@f-fjs/intl-messageformat-parser

Parses ICU Message strings into an AST via JavaScript.

Usage no npm install needed!

<script type="module">
  import fFjsIntlMessageformatParser from 'https://cdn.skypack.dev/@f-fjs/intl-messageformat-parser';
</script>

README

Intl MessageFormat Parser

Parses ICU Message strings into an AST via JavaScript.

npm Version size

Overview

This package implements a parser in JavaScript that parses the industry standard ICU Message strings — used for internationalization — into an AST. The produced AST can then be used by a compiler, like @f-fjs/intl-messageformat, to produce localized formatted strings for display to users.

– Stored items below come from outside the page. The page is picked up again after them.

(* the resolvent (lam - S)^{-1}; meaningful when lam is not in the spectrum,
   where it is unique *)
Definition resolvent (X : completeNormedModType C) (S : op X X) (lam : C) : X -> X :=
  epsilon (inhabits (fun _ => 0)) (is_resolvent S lam).

Definition opnorm (X Y : completeNormedModType C) (T : X -> Y) : \bar R :=
  ereal_sup [set (complex.Re `|T x|)%:E | x in [set x : X | `|x| <= 1]].

Definition sumnorm m (X : 'I_m -> completeNormedModType C) (x : forall i, X i) : C :=
  \sum_(i < m) `|x i|.

Definition mx_dom m (X : 'I_m -> completeNormedModType C)
    (A : forall i j : 'I_m, op (X j) (X i)) : set (forall i, X i) :=
  [set x | forall i, dom (A i i) (x i)].

Definition mx_app m (X : 'I_m -> completeNormedModType C)
    (A : forall i j : 'I_m, op (X j) (X i)) (x : forall i, X i) : forall i, X i :=
  fun i => \sum_(j < m) app (A i j) (x j).

(* the operator matrix is closed (graph closed in the product, whose sum-norm
   topology is the product topology) *)
Definition mx_closed m (X : 'I_m -> completeNormedModType C)
    (A : forall i j : 'I_m, op (X j) (X i)) : Prop :=
  forall (u : nat -> forall i, X i) (x y : forall i, X i),
    (forall t, mx_dom A (u t)) ->
    (forall i, (fun t => u t i) @ \oo --> x i) ->
    (forall i, (fun t => mx_app A (u t) i) @ \oo --> y i) ->
    mx_dom A x /\ mx_app A x = y.

Definition mx_is_resolvent m (X : 'I_m -> completeNormedModType C)
    (A : forall i j : 'I_m, op (X j) (X i)) (lam : C)
    (Rs : (forall i, X i) -> (forall i, X i)) : Prop :=
  (forall y, mx_dom A (Rs y)) /\
  (forall y i, lam *: Rs y i - mx_app A (Rs y) i = y i) /\
  (forall x, mx_dom A x ->
     Rs (fun i => lam *: x i - mx_app A x i) = x) /\
  exists M : C, forall y, sumnorm (Rs y) <= M * sumnorm y.

Definition mx_spectrum m (X : 'I_m -> completeNormedModType C)
    (A : forall i j : 'I_m, op (X j) (X i)) : set C :=
  [set lam | ~ exists Rs, mx_is_resolvent A lam Rs].

(* the upper-left k x k corner A_k = (A_ij)_{i,j=1..k}, for k <= n *)
Definition cornerfam n k (hk : (k <= n)%N) (X : 'I_n -> completeNormedModType C) :
  'I_k -> completeNormedModType C := fun i => X (widen_ord hk i).

Definition cornermx n k (hk : (k <= n)%N) (X : 'I_n -> completeNormedModType C)
    (A : forall i j : 'I_n, op (X j) (X i)) :
    forall i j : 'I_k, op (cornerfam hk X j) (cornerfam hk X i) :=
  fun i j => A (widen_ord hk i) (widen_ord hk j).

(* R_kj(lam) (indices 0-based here) *)
Definition schurR n (X : 'I_n -> completeNormedModType C)
    (A : forall i j : 'I_n, op (X j) (X i)) (k j : 'I_n) (lam : C) : \bar R :=
  (\sum_(i < n | i != k)
     opnorm (fun y : X j =>
       (app (A i k) (resolvent (A k k) lam (app (A k j) (resolvent (A j j) lam y)))
       + (if i != j then app (A i j) (resolvent (A j j) lam y) else 0))%R))%E.

Definition schur_set2 n (X : 'I_n -> completeNormedModType C)
    (A : forall i j : 'I_n, op (X j) (X i)) (k j : 'I_n) : set C :=
  spectrum (A k k) `|` spectrum (A j j) `|`
  [set lam | ~ spectrum (A k k) lam /\ ~ spectrum (A j j) lam /\
             (1 <= schurR A k j lam)%E].

Definition schur_set n (X : 'I_n -> completeNormedModType C)
    (A : forall i j : 'I_n, op (X j) (X i)) (k : 'I_n) : set C :=
  [set lam | exists j : 'I_n, j != k /\ schur_set2 A k j lam].

End Defs.

From HB Require Import structures.
From mathcomp Require Import all_boot all_order all_algebra.
From mathcomp Require Import all_classical all_reals all_analysis.
From mathcomp Require Import complex.
From mathcomp Require Import lra.
From Stdlib Require Import ClassicalEpsilon.
Set Implicit Arguments. Unset Strict Implicit. Unset Printing Implicit Defensive.
Import Order.TTheory GRing.Theory Num.Theory.
Local Open Scope ring_scope.
Local Open Scope classical_set_scope.

(* Let lam lie outside S_n(A): the diagonal resolvents r_j = (lam - A_jj)^-1 exist and
   R_nj(lam) < 1 for every j <> n.  Substituting x_j = r_j z_j turns (lam - A) x = y into
   (I - B) z = y with B_ij = A_ij r_j off the diagonal.  Adding B_in times the n-th
   equation to the i-th one eliminates z_n; the remaining unknowns solve an affine
   fixed-point equation whose linear part has column sums of norms bounded by R_nj(lam) < 1,
   hence is a contraction for the sum norm.  Banach's fixed-point theorem and the resulting
   a-priori estimate yield a bounded inverse of lam - A. *)

Section RealNorm.
Variable R : realType.
Local Notation C := R[i].
Local Open Scope complex_scope.

Definition rnorm (X : normedModType C) (x : X) : R := complex.Re `|x|.

Lemma ge0_ReE (z : C) : 0 <= z -> z = (complex.Re z)%:C.
Proof. by move=> z0; rewrite RRe_real // ger0_real. Qed.
(* Let $G$ be a bridged graph. Then $G$ is nicely bridged if any of the following holds: (a) $G$ is chordal; (b) $G$ does not contain a 3-sun as an induced subgraph; (c) every induced wheel of $G$ is uniquely centered; (d) $G$ contains no clique of size four.
   Context: A subgraph is isometric if its distances equal those of $G$; $G$ is bridged if it has no isometric cycle of length greater than three. A graph is chordal if it has no induced cycle of length greater than three. A set $K$ of vertices is convex if it contains all vertices on all shortest paths in $G$ between any two of its vertices. A graph is 2-self-centered if every vertex has eccentricity exactly 2. $G$ is nicely bridged if it is bridged and every 2-self-centered subgraph $G[S]$ induced by a convex set $S$ is chordal. The 3-sun is the graph on vertices $u,v,w,x,y,z$ where $\{x,y,z\}$ is a triangle and $u$ is adjacent to $y,z$, $v$ to $x,z$, $w$ to $x,y$ (i.e. a triangle $u,v,w$ with each edge subdivided and the three subdivision vertices joined into a clique). An induced wheel is a set $C\cup\{x\}$ where $C$ induces a cycle of length $k>3$ and $x\notin C$ is adjacent to every vertex of $C$; it is uniquely centered if there is no vertex $y\ne x$ such that $C\cup\{y\}$ is also an induced wheel. *)

(* finite simple graphs as symmetric irreflexive relations
   e : rel T on a finType T. *)
From mathcomp Require Import all_boot.
Set Implicit Arguments. Unset Strict Implicit. Unset Printing Implicit Defensive.

Section Graphs.
Variable T : finType.
Implicit Types (e : rel T) (S : {set T}).

Definition walk e (x y : T) (n : nat) : Prop :=
  exists p : seq T, [/\ path e x p, last x p = y & size p = n].

(* d(x,y) = n (no such n if x, y lie in different components) *)
Definition is_dist e (x y : T) (n : nat) : Prop :=
  walk e x y n /\ forall m, m < n -> ~ walk e x y m.

(* the induced subgraph G[S], as a relation on T whose edges lie inside S *)
Definition induced e S : rel T := [rel a b | [&& a \in S, b \in S & e a b]].

Definition cyc_adj (k i j : nat) : bool :=
  (j == i.+1 %% k) || (i == j.+1 %% k).
Definition cyc_dist (k i j : nat) : nat :=
  let d := (i - j) + (j - i) in minn d (k - d).

Definition is_cycle e (k : nat) (v : 'I_k -> T) : Prop :=
  injective v /\ forall i j : 'I_k, cyc_adj k i j -> e (v i) (v j).

Definition isometric_cycle e (k : nat) (v : 'I_k -> T) : Prop :=
  is_cycle e v /\ forall i j : 'I_k, is_dist e (v i) (v j) (cyc_dist k i j).

Definition induced_cycle e (k : nat) (v : 'I_k -> T) : Prop :=
  injective v /\ forall i j : 'I_k, e (v i) (v j) = cyc_adj k i j.

Definition bridged e : Prop :=
  forall (k : nat) (v : 'I_k -> T), 3 < k -> ~ isometric_cycle e v.

Definition chordal e : Prop :=
  forall (k : nat) (v : 'I_k -> T), 3 < k -> ~ induced_cycle e v.

Definition convex e S : Prop :=
  forall (x y z : T) (p : seq T), x \in S -> y \in S ->
    path e x p -> last x p = y -> is_dist e x y (size p) ->
    z \in x :: p -> z \in S.

(* the graph with vertex set S and edge relation f is 2-self-centered:
   every vertex has eccentricity exactly 2 *)
Definition two_self_centered (f : rel T) S : Prop :=
  forall x, x \in S ->
    (forall y, y \in S -> exists2 n, n <= 2 & is_dist f x y n) /\
    (exists2 y, y \in S & is_dist f x y 2).

Definition nicely_bridged e : Prop :=
  bridged e /\
  forall S, convex e S -> two_self_centered (induced e S) S ->
    chordal (induced e S).

Definition induced_3sun e (u v w x y z : T) : Prop :=
  uniq [:: u; v; w; x; y; z] /\
  [/\ e x y, e y z & e x z] /\
  [/\ e u y, e u z, e v x, e v z & e w x] /\ e w y /\
  [/\ ~~ e u v, ~~ e u w & ~~ e v w] /\
  [/\ ~~ e u x, ~~ e v y & ~~ e w z].

Definition has_induced_3sun e : Prop :=
  exists u v w x y z, induced_3sun e u v w x y z.

Definition induced_wheel e (k : nat) (v : 'I_k -> T) (x : T) : Prop :=
  3 < k /\ induced_cycle e v /\
  (forall i, v i != x) /\ (forall i, e x (v i)).

Definition uniquely_centered e (k : nat) (v : 'I_k -> T) (x : T) : Prop :=
  ~ exists y, y <> x /\ induced_wheel e v y.

Definition wheels_uniquely_centered e : Prop :=
  forall (k : nat) (v : 'I_k -> T) (x : T),
    induced_wheel e v x -> uniquely_centered e v x.

Definition has_K4 e : Prop :=
  exists a b c d : T, uniq [:: a; b; c; d] /\
    [/\ e a b, e a c & e a d] /\ [/\ e b c, e b d & e c d].

End Graphs.

From mathcomp Require Import all_boot zify.
From Stdlib Require Import Classical_Prop.
Set Implicit Arguments. Unset Strict Implicit. Unset Printing Implicit Defensive.
(* Let $(a_n)_{n\in\mathbb Z}$ be a complex sequence with $a_n=0$ for $n<0$ and $a_0=1$, and let $a$ be a nonzero complex number. For integers $k$ and $N\ge 0$ put $v_k(N)=\det\bigl(a_{i+j+k-N}\bigr)_{i,j=0}^{N-1}$. Suppose that $v_2(n)=(-1)^{\binom{n-1}{2}}\,a\,C_{n-1}$ for all $n\ge 1$. Then for all integers $n\ge 0$ and $k\ge 1$, $$v_k(n+k)=(-1)^{\binom{n+1}{2}}\,a^{k-1}\,p_{n+1}(k-1).$$
   Context: $C_n=\frac{1}{n+1}\binom{2n}{n}$ denotes the $n$-th Catalan number. The determinant of a $0\times0$ matrix is $1$. For integers $m,n\ge 0$, $p_m(n)=\prod_{1\le i\le j\le m-1}\frac{2n+i+j}{i+j}$ (empty product $=1$). Note $v_k(N)$ is the determinant of the $N\times N$ Hankel matrix whose first row is $(a_{k-N},a_{k-N+1},\dots,a_{k-1})$. *)

From mathcomp Require Import all_boot all_order all_algebra.
From mathcomp Require Import complex.
From mathcomp Require Import reals Rstruct.
Set Implicit Arguments. Unset Strict Implicit. Unset Printing Implicit Defensive.
Import Order.TTheory GRing.Theory Num.Theory.
Local Open Scope ring_scope.

Notation CC := (complex Rdefinitions.R).

Definition catalan (n : nat) : nat := 'C(n.*2, n) %/ n.+1.

Definition pmn (m n : nat) : CC :=
  \prod_(1 <= i < m) \prod_(i <= j < m)
     ((n.*2 + i + j)%:R / (i + j)%:R : CC).

Definition hankel_v (a : int -> CC) (k : int) (N : nat) : CC :=
  \det (\matrix_(i < N, j < N) a ((i : nat)%:Z + (j : nat)%:Z + k - N%:Z)%R).
Lemma psd_sqnorm_mulmx_le k (Y : 'M[R]_k) x : psd Y ->
  sqnorm (Y *m x) <= (Num.sqrt (frobenius2 Y) + 1) * qform Y x.
Proof.
(* Expand 0 <= qform Y (x - t Y x) with t = 1 / c. *)
case=> Ysym Ypsd; set c := _ + 1; pose t := c^-1.
have c_gt0 : 0 < c by rewrite ltr_wpDl // sqrtr_ge0.
have tc : t * c = 1 by rewrite mulVf // gt_eqF.
have qYx_le : qform Y (Y *m x) <= c * sqnorm (Y *m x).
  apply: le_trans (ler_norm _) _; apply: le_trans (qform_norm_le _ _) _.
  by rewrite ler_wpM2r ?sqnorm_ge0 // lerDl.
have : 0 <= qform Y (x - t *: (Y *m x)) by rewrite qformE.
have -> : qform Y (x - t *: (Y *m x)) =
    qform Y x - 2 * t * sqnorm (Y *m x) + t ^+ 2 * qform Y (Y *m x).
  rewrite /qform mulmxBr -scalemxAr dotcDr dotcNr dotcZr !dotcDl !dotcNl !dotcZl.
  by rewrite (dotcc (Y *m x)) (dotc_mulmx x (Y *m x)) Ysym (dotcc (Y *m x)); ring.
have : t ^+ 2 * qform Y (Y *m x) <= t * sqnorm (Y *m x).
  apply: le_trans (ler_wpM2l (sqr_ge0 t) qYx_le) _.
  by rewrite expr2 -mulrA (mulrA t c) tc mul1r.
move=> h1 h2; have : t * sqnorm (Y *m x) <= qform Y x by lra.
by rewrite -(ler_pM2l c_gt0) mulrA (mulrC c) tc mul1r.
Qed.
Lemma phi0 i : phi I psi i 0 = 0.
Proof.
rewrite /phi big_nat_cond big1 ?subr0 // => j /andP[jI _].
by rewrite psi0 ?mulr0 // -ltnS.
Qed.

Lemma phi_within_continuous i : {within @Rplus R, continuous (phi I psi i)}.
Proof.
apply: (@within_Rplus_continuous _ _ (phi I Psi i)); last by move=> x x0; rewrite phi_ext0.
by apply: derivable_continuous => x; have := is_derive_phi_ext0 i x => ?.
Qed.

Lemma phi_lower_slope i c : (forall u, 0 <= u -> c <= dphi I rho i u) ->
  forall x y, 0 <= x -> x <= y -> phi I psi i x + c * (y - x) <= phi I psi i y.
Proof.
move=> dphi_ge x y x0 xy.
rewrite -[phi I psi i x]phi_ext0 // -[phi I psi i y]phi_ext0 ?(le_trans x0 xy) //.
apply: is_derive_lower_slope xy => [z|z /andP[xz _]]; first exact: is_derive_phi_ext0.
by rewrite dphi_ext0 ?dphi_ge // (le_trans x0) ?ltW.
Qed.

Lemma phi_increment_gt0 i : (i <= I)%N ->
  (forall x y, 0 <= x -> x < y -> phi I psi I x < phi I psi I y) ->
  forall x y, 0 <= x -> x < y -> 0 < phi I psi i y - phi I psi i x.
Proof.
move=> iI phiI_lt x y x0 xy; apply: lt_le_trans (phiI_increment_le _ iI).
  by rewrite subr_gt0 phiI_lt.
by move=> j jI; rewrite psi_ndecr // ltW.
Qed.

Lemma density_sup_eq_difquot_sup i : (1 <= i <= I)%N ->
  (forall u, 0 <= u -> 0 < dphi I rho i u) ->
  (forall x y, 0 <= x -> x < y -> 0 < phi I psi i y - phi I psi i x) ->
  density_sup I rho i = difquot_sup I psi i.
Proof.
move=> iI dphi_gt0 phi_gt0; apply/le_anti/andP; split; apply: ereal_le_fin_ub => t.
  by move=> /(difquot_sup_leP t phi_gt0)/(density_le_iff_increment_le t iI)
    /(density_sup_leP t dphi_gt0).
by move=> /(density_sup_leP t dphi_gt0)/(density_le_iff_increment_le t iI)
  /(difquot_sup_leP t phi_gt0).
Qed.

Lemma inD2_of_inDdensity : inDdensity I rho -> inD2 I psi.
Proof.
case=> rho_C1 [rho_sum_lt1 sup_sum].
have dphi_gt0 i : (i <= I)%N -> forall u, 0 <= u -> 0 < dphi I rho i u.
  by move=> iI u u0; rewrite dphi_gt0 ?rho_sum_lt1 // => j jI; exact: rho_ge0.
have sup_ge0 i : (1 <= i <= I)%N -> (0 <= density_sup I rho i)%E.
  by move=> iI; rewrite density_sup_ge0 ?rho_ge0 ?dphi_gt0 //; case/andP: iI.
have [t sup_t t_sum] := sum_weighted_fin sup_ge0 sup_sum.
have t_ge0 i : (1 <= i <= I)%N -> 0 <= t i by move=> iI; rewrite -lee_fin -sup_t ?sup_ge0.
have rho_le i : (1 <= i <= I)%N -> forall u, 0 <= u -> rho i u <= t i * dphi I rho i u.
  move=> iI; have /andP[_ iI'] := iI.
  by apply/(density_sup_leP _ (dphi_gt0 i iI')); rewrite sup_t.
pose c := 1 - 2 * \sum_(1 <= i < I.+1) i%:R * t i.
have c_gt0 : 0 < c by rewrite /c; lra.
have dphiI_ge u : 0 <= u -> c <= dphi I rho I u.
  move=> u0; have := sum_density_le (fun j jI => rho_ge0 jI u0) t_ge0
    (fun j jI => rho_le j jI u u0).
  by rewrite dphiI /c; lra.
have phiI_up : isCup (phi I psi I).
  apply: (isCup_of_slope (@phi_within_continuous I) (phi0 I) c_gt0) => x y.
  exact: phi_lower_slope.
split; last by move=> i iI; apply/psi_isCq2 => //; exact: (rho_C1 i iI).2.
split; [exact: psi_isC | split => //].
rewrite (eq_big_nat _ _ (F2 := fun i => ((i%:R)%:E * density_sup I rho i)%E)) // => i iI.
have /andP[_ iI'] := iI.
by rewrite density_sup_eq_difquot_sup //; [exact: dphi_gt0 | exact: phi_increment_gt0 phiI_up.2.1].
Qed.
Lemma has_deriv_continuous n x t dx : has_deriv n x t dx ->
  right_lim n x t (x t) /\ left_lim n x t (x t).
Proof.
intros H.
assert (Hd : forall eps, eps > 0 -> exists d, 0 < d /\ forall p, (p < n)%nat ->
          forall s, Rabs (s - t) < d -> Rabs (x s p - x t p) < eps).
{ intros eps Heps.
  apply (exists_pos_uniform n (fun p d => forall s, Rabs (s - t) < d -> Rabs (x s p - x t p) < eps)).
  - intros p d d' Hdd Hq s Hs; apply Hq; lra.
  - intros p hp.
    assert (Hc : continuity_pt (fun s => x s p) t)
      by (apply derivable_continuous_pt; exists (dx p); apply H; auto).
    destruct (Hc eps Heps) as [alp [Halp Ha]].
    exists alp; split; [lra|]. intros s Hs.
    destruct (Req_dec s t) as [->|ne].
    + unfold Rminus; rewrite Rplus_opp_r, Rabs_R0; lra.
    + apply (Ha s); repeat split; auto. }
split; intros eps Heps; destruct (Hd eps Heps) as [d [Hd0 Hq]];
  exists d; split; auto; intros s Hs p hp; apply Hq; auto; apply Rabs_def1; lra.
Qed.

Lemma limit1_in_le f D L t c : limit1_in f D L t ->
  (forall d, d > 0 -> exists s, D s /\ Rabs (s - t) < d) ->
  (exists d0, d0 > 0 /\ forall s, D s -> Rabs (s - t) < d0 -> f s <= c) -> L <= c.
Proof.
intros Hl Hne [d0 [Hd0 Hb]].
destruct (Rle_dec L c) as [h|h]; [auto|exfalso].
destruct (Hl (L - c)) as [alp [Halp Ha]]; [lra|].
destruct (Hne (Rmin alp d0)) as [s [Ds Hs]]; [apply Rmin_case; lra|].
pose proof (Rmin_l alp d0); pose proof (Rmin_r alp d0).
assert (h1 : Rabs (f s - L) < L - c) by (apply (Ha s); split; [auto | simpl; unfold R_dist; lra]).
assert (h2 := Hb s Ds ltac:(lra)).
apply Rabs_def2 in h1. lra.
Qed.

Lemma limit1_in_ge f D L t c : limit1_in f D L t ->
  (forall d, d > 0 -> exists s, D s /\ Rabs (s - t) < d) ->
  (exists d0, d0 > 0 /\ forall s, D s -> Rabs (s - t) < d0 -> c <= f s) -> c <= L.
Proof.
intros Hl Hne [d0 [Hd0 Hb]].
enough (- L <= - c) by lra.
apply (limit1_in_le (fun s => - f s) D (- L) t (- c)); auto.
- apply limit_Ropp; auto.
- exists d0; split; auto. intros s Ds Hs; specialize (Hb s Ds Hs); lra.
Qed.

Lemma points_right_near t d : d > 0 -> exists s, t < s /\ Rabs (s - t) < d.
Proof. intros Hd; exists (t + d / 2); split; [lra|]. rewrite Rabs_right; lra. Qed.

Lemma points_left_near t d : d > 0 -> exists s, s < t /\ Rabs (s - t) < d.
Proof. intros Hd; exists (t - d / 2); split; [lra|]. rewrite Rabs_left; lra. Qed.

Lemma limit1_in_const c D t : limit1_in (fun _ => c) D c t.
Proof. exact (limit_free (fun _ => c) D 0 t). Qed.

Lemma limit1_in_sumR k (f : nat -> R -> R) L D t :
  (forall j, (j < k)%nat -> limit1_in (f j) D (L j) t) ->
  limit1_in (fun u => sumR k (fun j => f j u)) D (sumR k L) t.
Proof.
induction k as [|k IH]; intros H; simpl.
- apply limit1_in_const.
- apply (limit_plus (fun u => sumR k (fun j => f j u)) (f k)).
  + apply IH; intros; apply H; lia.
  + apply H; lia.
Qed.

Lemma limit1_in_mv n M x l D t :
  (forall p, (p < n)%nat -> limit1_in (fun s => x s p) D (l p) t) ->
  forall q, limit1_in (fun s => mv n M (x s) q) D (mv n M l q) t.
Proof.
intros H q. apply (limit1_in_sumR n (fun j s => M q j * x s j)); intros j hj.
apply (limit_mul (fun _ => M q j) (fun s => x s j)); [apply limit1_in_const | auto].
Qed.

Lemma limit1_in_quad n P x l D t :
  (forall p, (p < n)%nat -> limit1_in (fun s => x s p) D (l p) t) ->
  limit1_in (fun s => quad n P (x s)) D (quad n P l) t.
Proof.
intros H. apply (limit1_in_sumR n (fun p s => x s p * mv n P (x s) p)); intros p hp.
apply (limit_mul (fun s => x s p) (fun s => mv n P (x s) p)); [auto | apply limit1_in_mv; auto].
Qed.

Lemma right_lim_limit1_in n x t l : right_lim n x t l ->
  forall p, (p < n)%nat -> limit1_in (fun s => x s p) (fun s => t < s) (l p) t.
Proof.
intros H p hp eps Heps. destruct (H eps Heps) as [d [Hd Hx]].
exists d; split; auto. intros s [Ds Hs]. simpl in *; unfold R_dist in *.
apply Rabs_def2 in Hs. apply Hx; auto; lra.
Qed.

Lemma left_lim_limit1_in n x t l : left_lim n x t l ->
  forall p, (p < n)%nat -> limit1_in (fun s => x s p) (fun s => s < t) (l p) t.
Proof.
intros H p hp eps Heps. destruct (H eps Heps) as [d [Hd Hx]].
exists d; split; auto. intros s [Ds Hs]. simpl in *; unfold R_dist in *.
apply Rabs_def2 in Hs. apply Hx; auto; lra.
Qed.

Lemma limit1_in_exp_scal c t D : limit1_in (fun u => exp (c * u)) D (exp (c * t)) t.
Proof.
intros eps Heps.
assert (Hc : continuity_pt (fun u => exp (c * u)) t).
{ apply derivable_continuous_pt. eexists. apply derivable_pt_lim_exp_scal. }
destruct (Hc eps Heps) as [alp [Halp Ha]].
exists alp; split; auto. intros s [Ds Hs].
destruct (Req_dec s t) as [->|ne].
- simpl; unfold R_dist, Rminus; rewrite Rplus_opp_r, Rabs_R0; lra.
- apply Ha; repeat split; auto.
Qed.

This parser is written in PEG.js, a parser generator for JavaScript.

Usage

import {parse} from '@f-fjs/intl-messageformat-parser';
const ast = parse('this is {count, plural, one{# dog} other{# dogs}}');

Example

Given an ICU Message string like this:

On {takenDate, date, short} {name} took {numPhotos, plural,
    =0 {no photos.}
    =1 {one photo.}
    other {# photos.}
}
// Assume `msg` is the string above.
parse(msg);

This parser will produce this AST:

[
  {
    "type": 0,
    "value": "On "
  },
  {
    "type": 3,
    "style": "short",
    "value": "takenDate"
  },
  {
    "type": 0,
    "value": " "
  },
  {
    "type": 1,
    "value": "name"
  },
  {
    "type": 0,
    "value": " took "
  },
  {
    "type": 6,
    "pluralType": "cardinal",
    "value": "numPhotos",
    "offset": 0,
    "options": [
      {
        "id": "=0",
        "value": [
          {
            "type": 0,
            "value": "no photos."
          }
        ]
      },
      {
        "id": "=1",
        "value": [
          {
            "type": 0,
            "value": "one photo."
          }
        ]
      },
      {
        "id": "other",
        "value": [
          {
            "type": 0,
            "value": "# photos."
          }
        ]
      }
    ]
  }
]

Supported DateTime Skeleton

ICU provides a wide array of pattern to customize date time format. However, not all of them are available via ECMA402's Intl API. Therefore, our parser only support the following patterns

Symbol Meaning Notes
G Era designator
y year
M month in year
L stand-alone month in year
d day in month
E day of week
e local day of week e..eee is not supported
c stand-alone local day of week c..ccc is not supported
a AM/PM marker
h Hour [1-12]
H Hour [0-23]
K Hour [0-11]
k Hour [1-24]
m Minute
s Second
z Time Zone

Benchmarks

complex_msg AST length 2053
normal_msg AST length 410
simple_msg AST length 79
string_msg AST length 36
complex_msg x 3,926 ops/sec ±2.37% (90 runs sampled)
normal_msg x 27,641 ops/sec ±3.93% (86 runs sampled)
simple_msg x 100,764 ops/sec ±5.35% (79 runs sampled)
string_msg x 120,362 ops/sec ±7.11% (74 runs sampled)